Thursday, January 10, 2013

"Neither Do They Spin"

This post is a continuation of my "20 Things" series.

I’m not a worrier. Not that I NEVER worry about things, it’s just one something I’m not very good at. See, my brain is kind of weird. Anytime I have any sort of unrest… be it a problem I’m trying to figure out or a situation I’m unsure of or anything else that requires worrying, my brain goes into overload and won’t stop thinking about it. It’s very stressful and I’m just not good at dealing with stress. So, in order to keep functioning, I’ve developed a coping mechanism.

Here’s how it works:

A problem arises. First, I figure out if I can do anything about it. If I can’t, I block it from my brain. If I can, it goes on in the process and I brainstorm possible solutions.

Brainstorming is the most lengthy part of my problem solving process. If I know I can do something about the problem but don’t  have any immediate solutions, I’ll put the issue on the back burner of my brain and keep my eyes peeled for ideas in my day to day life. Solutions pop up in the most random places and if my mind is tuned in to look for them, I’ll pick up on the ideas even if I’m not actively worrying about it 24/7. For more straight forward issues, I’ll draw up a mental list of possibilities.

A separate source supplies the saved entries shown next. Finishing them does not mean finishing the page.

(* Suppose a graph $G$ has $k$ connected components $C_1,\dots,C_k$, all of size $n_0$. Let $G_{C_1},\dots,G_{C_k}$ be the subgraphs on these components and $L^i$ their random walk Laplacians, and let $L_G$ be the random walk Laplacian of $G$. Then for any $s<n_0$, $\delta_s(L_G)=\max_i\delta_s(L^i)$.
   Context: Random walk Laplacian $L=I-D^{-1}A$ with $A$ adjacency matrix and $D$ degree matrix. The restricted isometry constant $\delta_s(\Phi)$ is the smallest $\delta\ge0$ with $(1-\delta)\|x\|_2^2\le\|\Phi_Tx\|_2^2\le(1+\delta)\|x\|_2^2$ for all index sets $T$ with $|T|\le s$ and all $x$, where $\Phi_T$ is the column submatrix indexed by $T$. *)

From HB Require Import structures.
From mathcomp Require Import all_boot all_order all_algebra.
From mathcomp Require Import classical_sets reals.
Set Implicit Arguments. Unset Strict Implicit.
 Unset Printing Implicit Defensive.
Import Order.TTheory GRing.Theory Num.Theory.
Local Open Scope ring_scope.

Definition simple_graph (N : nat) (e : rel 'I_N) : Prop :=
  symmetric e /\ irreflexive e.

Definition adjm (R : realType) (N : nat) (e : rel 'I_N) : 'M[R]_N :=
  \matrix_(i, j) (e i j)%:R.

Definition degree (R : realType) (N : nat) (A : 'M[R]_N) (i : 'I_N) : R :=
  \sum_j A i j.

(* random walk Laplacian L = I - D^{-1} A, entrywise:
   L i j = [i = j] - A i j / d_i   (convention x / 0 = 0 for isolated vertices) *)
Definition rwLap (R : realType) (N : nat) (A : 'M[R]_N) : 'M[R]_N :=
  \matrix_(i, j) ((i == j)%:R - A i j / degree A i).

Definition is_component (N : nat) (e : rel 'I_N) (C : {set 'I_N}) : Prop :=
  exists x, C = [set y | connect e x y].

Definition induced {N : nat} (e : rel 'I_N) (S : {set 'I_N}) : rel 'I_#|S| :=
  fun a b => e (enum_val a) (enum_val b).

Definition sqnorm (R : realType) (m : nat) (v : 'cV[R]_m) : R :=
  \sum_i (v i 0) ^+ 2.

Definition colsubT (R : realType) (m n : nat) (Phi : 'M[R]_(m, n))
  (T : {set 'I_n}) : 'M[R]_(m, #|T|) :=
  colsub (fun j : 'I_#|T| => enum_val j) Phi.

Definition rip_holds (R : realType) (m n : nat) (Phi : 'M[R]_(m, n))
  (s : nat) (d : R) : Prop :=
  forall T : {set 'I_n}, (#|T| <= s)%N -> forall x : 'cV[R]_#|T|,
    (1 - d) * sqnorm x <= sqnorm (colsubT Phi T *m x) <= (1 + d) * sqnorm x.

Definition ric (R : realType) (m n : nat) (Phi : 'M[R]_(m, n)) (s : nat) : R :=
  inf [set d : R | 0 <= d /\ rip_holds Phi s d].
Arguments induced {N} e S.

(* The random walk Laplacian of G is block diagonal along the connected
   components, and its diagonal blocks are the random walk Laplacians of the
   components, since a vertex has all its neighbours, hence its whole degree,
   inside its component.  For a block-diagonal matrix M, an s-sparse vector y
   splits into its restrictions to the blocks, each again s-sparse, and both
   ||y||^2 and ||M y||^2 are the sums of the blockwise quantities; hence d
   satisfies the RIP of order s for M iff it does for every block.  The RIC is
   the infimum of the admissible d >= 0, and the infimum of an intersection of
   upward-closed sets of nonnegative reals is the maximum of their infima. *)

From HB Require Import structures.
From mathcomp Require Import all_boot all_order all_algebra.
From mathcomp Require Import classical_sets reals.
From mathcomp Require Import lra.
Import Order.TTheory GRing.Theory Num.Theory.
Local Open Scope ring_scope.
Set Implicit Arguments. Unset Strict Implicit.

Section SparseVectors.
Variable R : realType.

Definition supp n (y : 'cV[R]_n) : {set 'I_n} := [set j | y j 0 != 0].

Definition extend n (S : {set 'I_n}) (z : 'cV[R]_#|S|) : 'cV[R]_n :=
  colsub enum_val 1%:M *m z.
Arguments extend {n} S z.

Definition restrict n (S : {set 'I_n}) (y : 'cV[R]_n) : 'cV[R]_#|S| :=
  rowsub enum_val y.

Lemma sum_enum_val n (S : {set 'I_n}) (F : 'I_n -> R) :
  (forall j, j \notin S -> F j = 0) ->
  \sum_j F j = \sum_(a < #|S|) F (enum_val a).
Proof.
move=> F0; rewrite -(big_enum_val F) [RHS]big_mkcond /=.
by apply: eq_bigr => j _; case: ifPn => // /F0.
Qed.

Lemma extend_enum_val n (S : {set 'I_n}) z b : extend S z (enum_val b) 0 = z b 0.
Proof.
rewrite mxE (bigD1 b) //= !mxE eqxx mul1r big1 ?addr0 // => a ab.
by rewrite !mxE (inj_eq enum_val_inj) eq_sym (negbTE ab) mul0r.
Qed.

Lemma extend_out n (S : {set 'I_n}) z j : j \notin S -> extend S z j 0 = 0.
Proof.
move=> jS; rewrite mxE big1 // => a _; rewrite !mxE.
by case: eqP => [ja|]; [move: jS; rewrite ja enum_valP | rewrite mul0r].
Qed.

Lemma restrict_enum_val n (S : {set 'I_n}) y b :
  restrict S y b 0 = y (enum_val b) 0.
Proof. by rewrite mxE. Qed.

Lemma extend_restrict n (S : {set 'I_n}) y :
  supp y \subset S -> extend S (restrict S y) = y.
Proof.
move=> /fintype.subsetP yS; apply/matrixP => j i; rewrite (ord1 i).
have [jS|jS] := boolP (j \in S); last first.
  have : j \notin supp y by apply: contra jS => /yS.
  by rewrite inE negbK extend_out // => /eqP ->.
by rewrite -(enum_rankK_in jS jS) extend_enum_val restrict_enum_val.
Qed.

Lemma sqnorm_extend n (S : {set 'I_n}) z : sqnorm (extend S z) = sqnorm z.
Proof.
rewrite /sqnorm (sum_enum_val (S := S)) => [|j /extend_out ->]; last by rewrite expr0n.
by apply: eq_bigr => b _; rewrite extend_enum_val.
Qed.

Lemma card_supp_extend n (S : {set 'I_n}) z :
  (#|supp (extend S z)| <= #|supp z|)%N.
Proof.
rewrite -(card_imset _ enum_val_inj); apply: subset_leq_card.
apply/fintype.subsetP => j; rewrite inE.
have [jS|jS] := boolP (j \in S); last by rewrite extend_out ?eqxx.
by rewrite -(enum_rankK_in jS jS) extend_enum_val => z0; apply: imset_f; rewrite inE.
Qed.

Lemma card_supp_restrict n (S : {set 'I_n}) y :
  (#|supp (restrict S y)| <= #|supp y|)%N.
Proof.
rewrite -(card_imset _ enum_val_inj); apply: subset_leq_card.
by apply/fintype.subsetP => j /imsetP[a]; rewrite !inE restrict_enum_val => ? ->.
Qed.

Lemma mul_colsubT m n (Phi : 'M[R]_(m, n)) (S : {set 'I_n}) x :
  colsubT Phi S *m x = Phi *m extend S x.
Proof. by rewrite /colsubT /extend mulmxA mulmx_colsub mulmx1. Qed.

Lemma sqnorm_ge0 n (y : 'cV[R]_n) : 0 <= sqnorm y.
Proof. by apply: sumr_ge0 => i _; rewrite sqr_ge0. Qed.

Lemma sqr_coord_le n (y : 'cV[R]_n) j : y j 0 ^+ 2 <= sqnorm y.
Proof.
by rewrite /sqnorm (bigD1 j) //= lerDl; apply: sumr_ge0 => i _; rewrite sqr_ge0.
Qed.

Lemma normr_coordM_le n (y : 'cV[R]_n) j l : `|y j 0 * y l 0| <= sqnorm y.
Proof.
have := sqr_coord_le y j; have := sqr_coord_le y l.
rewrite normrM -(real_normK (num_real (y j 0))) -(real_normK (num_real (y l 0))).
have := normr_ge0 (y j 0); have := normr_ge0 (y l 0); nra.
Qed.

Definition sparse_rip m n (Phi : 'M[R]_(m, n)) (s : nat) (d : R) : Prop :=
  forall y : 'cV[R]_n, (#|supp y| <= s)%N ->
  (1 - d) * sqnorm y <= sqnorm (Phi *m y) <= (1 + d) * sqnorm y.

Lemma rip_holds_sparse m n (Phi : 'M[R]_(m, n)) s d :
  rip_holds Phi s d <-> sparse_rip Phi s d.
Proof.
split=> [rip y ys | srip T Ts x].
  have yT := extend_restrict (subxx (supp y)).
  by rewrite -yT -mul_colsubT sqnorm_extend; apply: rip.
rewrite mul_colsubT -(sqnorm_extend (S := T) x); apply: srip.
by rewrite (leq_trans (card_supp_extend _)) // (leq_trans (max_card _)) ?card_ord.
Qed.

Lemma sparse_rip_le m n (Phi : 'M[R]_(m, n)) s d d' :
  sparse_rip Phi s d -> d <= d' -> sparse_rip Phi s d'.
Proof.
move=> srip dd' y ys; have /andP[lo hi] := srip y ys; have y0 := sqnorm_ge0 y.
by apply/andP; split; [apply: le_trans lo | apply: le_trans hi _]; nra.
Qed.

Lemma sqnorm_mulmx_le m n (Phi : 'M[R]_(m, n)) y :
  sqnorm (Phi *m y) <= (\sum_i \sum_j \sum_l `|Phi i j| * `|Phi i l|) * sqnorm y.
Proof.
rewrite mulr_suml; apply: ler_sum => i _.
rewrite mxE expr2 !mulr_suml; apply: ler_sum => j _.
rewrite mulr_sumr mulr_suml; apply: ler_sum => l _.
rewrite (le_trans (ler_norm _)) // mulrACA normrM [`|Phi i j * _|]normrM.
by rewrite ler_wpM2l ?mulr_ge0 // normr_coordM_le.
Qed.

Lemma sparse_rip_exists m n (Phi : 'M[R]_(m, n)) s :
  exists d, 0 <= d /\ sparse_rip Phi s d.
Proof.
pose K := \sum_i \sum_j \sum_l `|Phi i j| * `|Phi i l|.
have K0 : 0 <= K by do 3!(apply: sumr_ge0 => ? _); rewrite mulr_ge0.
exists (1 + K); split=> [|y _]; first lra.
have := sqnorm_ge0 y; have := sqnorm_ge0 (Phi *m y); have := sqnorm_mulmx_le Phi y.
by rewrite -/K => *; apply/andP; split; nra.
Qed.
End SparseVectors.
Arguments extend {R n} S z.

Lemma inf_setI_upclosed (R : realType) k (Q : 'I_k -> R -> Prop) :
  (forall i d d', Q i d -> d <= d' -> Q i d') ->
  (exists d, 0 <= d /\ forall i, Q i d) ->
  inf [set d | 0 <= d /\ forall i, Q i d] =
  \big[Num.max/0]_i inf [set d | 0 <= d /\ Q i d].
Proof.
move=> Qup [d0 [d0_ge0 Qd0]].
have D_ne i : ([set d | 0 <= d /\ Q i d] !=set0)%classic by exists d0.
have D_lb i : has_lbound [set d | 0 <= d /\ Q i d] by exists 0 => x [].
apply/eqP; rewrite eq_le; apply/andP; split; last first.
  apply: lb_le_inf => [|d [d_ge0 Qd]]; first by exists d0.
  by apply: bigmax_le => // i _; apply: ge_inf => //; split.
apply/ler_addgt0Pr => eps eps_gt0; apply: ge_inf; first by exists 0 => x [].
split=> [|i]; first by rewrite addr_ge0 ?(ltW eps_gt0) //; apply: bigmax_ge_id.
have [d [_ Qd] d_lt] := inf_adherent eps_gt0 (conj (D_ne i) (D_lb i)).
by apply: Qup Qd _; rewrite ltW // (lt_le_trans d_lt) // lerD2r le_bigmax.
Qed.

Definition principal_submx (R : realType) n (S : {set 'I_n}) (M : 'M[R]_n) :
  'M[R]_#|S| :=
  mxsub enum_val enum_val M.
Arguments principal_submx {R n} S M.

Section BlockDiagonal.
Variables (R : realType) (N k : nat) (C : 'I_k -> {set 'I_N}) (M : 'M[R]_N).
Hypothesis C_cover : forall v, exists i, v \in C i.
Hypothesis C_disjoint : forall i j v, v \in C i -> v \in C j -> i = j.
Hypothesis M_offblock :
  forall i j u w, i != j -> u \in C i -> w \in C j -> M u w = 0.

Local Notation M_ i := (principal_submx (C i) M).

Lemma M_out_of_block i u w :
  u \in C i -> w \notin C i -> M u w = 0 /\ M w u = 0.
Proof.
move=> uCi wCi; have [j wCj] := C_cover w.
have ij : i != j by apply: contraNneq wCi => ->.
by rewrite (M_offblock ij uCi wCj) (M_offblock _ wCj uCi) // eq_sym.
Qed.

Lemma mulmx_extend_block i z : M *m extend (C i) z = extend (C i) (M_ i *m z).
Proof.
apply/matrixP => w c; rewrite (ord1 c).
have [wCi|wCi] := boolP (w \in C i); last first.
  rewrite extend_out // mxE big1 // => v _.
  have [vCi|vCi] := boolP (v \in C i); last by rewrite extend_out ?mulr0.
  by rewrite (M_out_of_block vCi wCi).2 mul0r.
rewrite -(enum_rankK_in wCi wCi) extend_enum_val !mxE (sum_enum_val (S := C i)).
  by apply: eq_bigr => a _; rewrite extend_enum_val !mxE.
by move=> v /extend_out ->; rewrite mulr0.
Qed.

Lemma restrict_mulmx_block i (y : 'cV[R]_N) :
  restrict (C i) (M *m y) = M_ i *m restrict (C i) y.
Proof.
apply/matrixP => b c; rewrite (ord1 c) !mxE (sum_enum_val (S := C i)).
  by apply: eq_bigr => a _; rewrite !mxE.
by move=> v vCi; rewrite (M_out_of_block (enum_valP b) vCi).1 mul0r.
Qed.

Lemma sum_over_blocks (F : 'I_N -> R) :
  \sum_w F w = \sum_i \sum_(b < #|C i|) F (enum_val b).
Proof.
transitivity (\sum_w \sum_i (w \in C i)%:R * F w).
  apply: eq_bigr => w _; have [i wCi] := C_cover w.
  rewrite (bigD1 i) //= wCi mul1r big1 ?addr0 // => j ji.
  suff /negbTE-> : w \notin C j by rewrite mul0r.
  by apply: contra ji => wCj; rewrite (C_disjoint wCj wCi).
rewrite exchange_big; apply: eq_bigr => i _; rewrite (sum_enum_val (S := C i)).
  by apply: eq_bigr => b _; rewrite enum_valP mul1r.
by move=> w /negbTE ->; rewrite mul0r.
Qed.

Lemma sqnorm_blocks (y : 'cV[R]_N) : sqnorm y = \sum_i sqnorm (restrict (C i) y).
Proof.
rewrite /sqnorm (sum_over_blocks (fun w => y w 0 ^+ 2)).
by apply: eq_bigr => i _; apply: eq_bigr => b _; rewrite mxE.
Qed.

Lemma sparse_rip_blocks s d : sparse_rip M s d <-> forall i, sparse_rip (M_ i) s d.
Proof.
split=> [srip i z zs | srip y ys].
  rewrite -(sqnorm_extend (S := C i)) -[sqnorm (M_ i *m z)]sqnorm_extend.
  by rewrite -mulmx_extend_block srip // (leq_trans (card_supp_extend _)).
rewrite [sqnorm y]sqnorm_blocks [sqnorm (M *m y)]sqnorm_blocks !mulr_sumr.
have srip_i i := srip i _ (leq_trans (card_supp_restrict (C i) y) ys).
by apply/andP; split; apply: ler_sum => i _;
  rewrite restrict_mulmx_block; case/andP: (srip_i i).
Qed.

Lemma ric_blocks s : ric M s = \big[Num.max/0]_i ric (M_ i) s.
Proof.
rewrite /ric -inf_setI_upclosed.
- congr inf; apply/seteqP; split=> d [d_ge0 rip]; split=> //.
    by move=> i; move/rip_holds_sparse/sparse_rip_blocks: rip => /(_ i)/rip_holds_sparse.
  by apply/rip_holds_sparse/sparse_rip_blocks => i; apply/rip_holds_sparse.
- move=> i d d' /rip_holds_sparse srip dd'.
  by apply/rip_holds_sparse; apply: sparse_rip_le srip dd'.
- have [d [d_ge0 /sparse_rip_blocks srip]] := sparse_rip_exists M s.
  by exists d; split=> // i; apply/rip_holds_sparse.
Qed.
End BlockDiagonal.

Section RandomWalkLaplacian.
Variables (R : realType) (N : nat) (e : rel 'I_N).

Local Notation L := (rwLap (adjm R e)).

Lemma principal_submx_rwLap (S : {set 'I_N}) :
  closed e S -> principal_submx S L = rwLap (adjm R (induced e S)).
Proof.
move=> clS.
have degS b : degree (adjm R e) (enum_val b) = degree (adjm R (induced e S)) b.
  rewrite /degree (sum_enum_val (S := S)) => [|w wS].
    by apply: eq_bigr => a _; rewrite !mxE.
  by rewrite mxE; case: (boolP (e _ w)) => // /clS; rewrite enum_valP (negbTE wS).
by apply/matrixP => a b; rewrite !mxE (inj_eq enum_val_inj) degS.
Qed.

Variables (k : nat) (C : 'I_k -> {set 'I_N}).
Hypotheses (e_sym : symmetric e) (C_inj : injective C).
Hypothesis C_comp : forall i, is_component e (C i).

Lemma component_closed i : closed e (C i).
Proof.
have [x ->] := C_comp i => u w euw; rewrite !inE.
exact: connect_closed (sym_connect_sym e_sym) _ _ _ euw.
Qed.

Lemma components_disjoint i j v : v \in C i -> v \in C j -> i = j.
Proof.
have [x Ci] := C_comp i; have [x' Cj] := C_comp j.
rewrite Ci Cj !inE => xv x'v; apply: C_inj; rewrite Ci Cj; apply/setP => y.
have sym := sym_connect_sym e_sym.
by rewrite !inE (same_connect sym xv) (same_connect sym x'v).
Qed.

Lemma rwLap_offblock i j u w : i != j -> u \in C i -> w \in C j -> L u w = 0.
Proof.
move=> ij uCi wCj; have wCi : w \notin C i.
  by apply: contra ij => wCi; rewrite (components_disjoint wCi wCj).
have uw : u != w by apply: contraNneq wCi => <-.
have euw : ~~ e u w by apply: contra wCi => /(component_closed i) <-.
by rewrite !mxE (negbTE uw) (negbTE euw) mul0r subrr.
Qed.
End RandomWalkLaplacian.

Theorem mainTheorem8 (R : realType) (N k n0 : nat) (e : rel 'I_N)
  (C : 'I_k -> {set 'I_N}) (s : nat) :
  simple_graph e ->
  injective C ->
  (forall i, is_component e (C i)) ->
  (forall v : 'I_N, exists i, v \in C i) ->
  (forall i, #|C i| = n0) ->
  (s < n0)%N ->
  ric (rwLap (adjm R e)) s =
  \big[Num.max/0]_(i < k) ric (rwLap (adjm R (induced e (C i)))) s.
Proof.
move=> [e_sym _] C_inj C_comp C_cover _ _.
have blocks i :
  rwLap (adjm R (induced e (C i))) = principal_submx (C i) (rwLap (adjm R e)).
  by rewrite principal_submx_rwLap //; exact: component_closed.
under eq_bigr do rewrite blocks.
by apply: ric_blocks => //; [exact: components_disjoint | exact: rwLap_offblock].
Qed.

When all the ideas are formed, I weigh the consequences (good and bad) of each choice. Sometimes the solution is obvious. Sometimes it’s not. When it’s not, and I don’t know what to do, I just pick one. I go with my gut and choose an option and go with it. I figure once I have all of the information collected, thinking about it over and over and over isn’t going to be productive. I’m not going to get any farther so I might as well just make a decision.

Now, the final key is, once I make a decision, it’s permanent. I make up my mind and that’s it. Going back to the problem and second-guessing myself only negates all of my previous mental deliberation and toils and brings back the stress that my brain so strongly needs to be rid of. Once the choice is made I don’t think about the problem anymore.

This may seem like kind of a harsh system, but for me it’s a sanity saver. Stress is the one thing that really affects my happiness level, so when I have issues weighing me down, it’s in my best interest to get rid of them asap, otherwise I’m a mess.

These days whenever I find myself starting to worry about something, I pull up a mental chart like this one and STOP WORRYING.


2 comments:

The Butler Clan said...

Perfect. I love it! and I will apply it to my life as well, just what I needed to hear.

Rachel said...

I love these posts, as they always make me think. I read them and then carry them around with me for a while. I like this perspective a lot-- particularly the open brainstorming sessions and the "make a decision, stick with it, and move forward" perspective. I think that is SO key for happiness.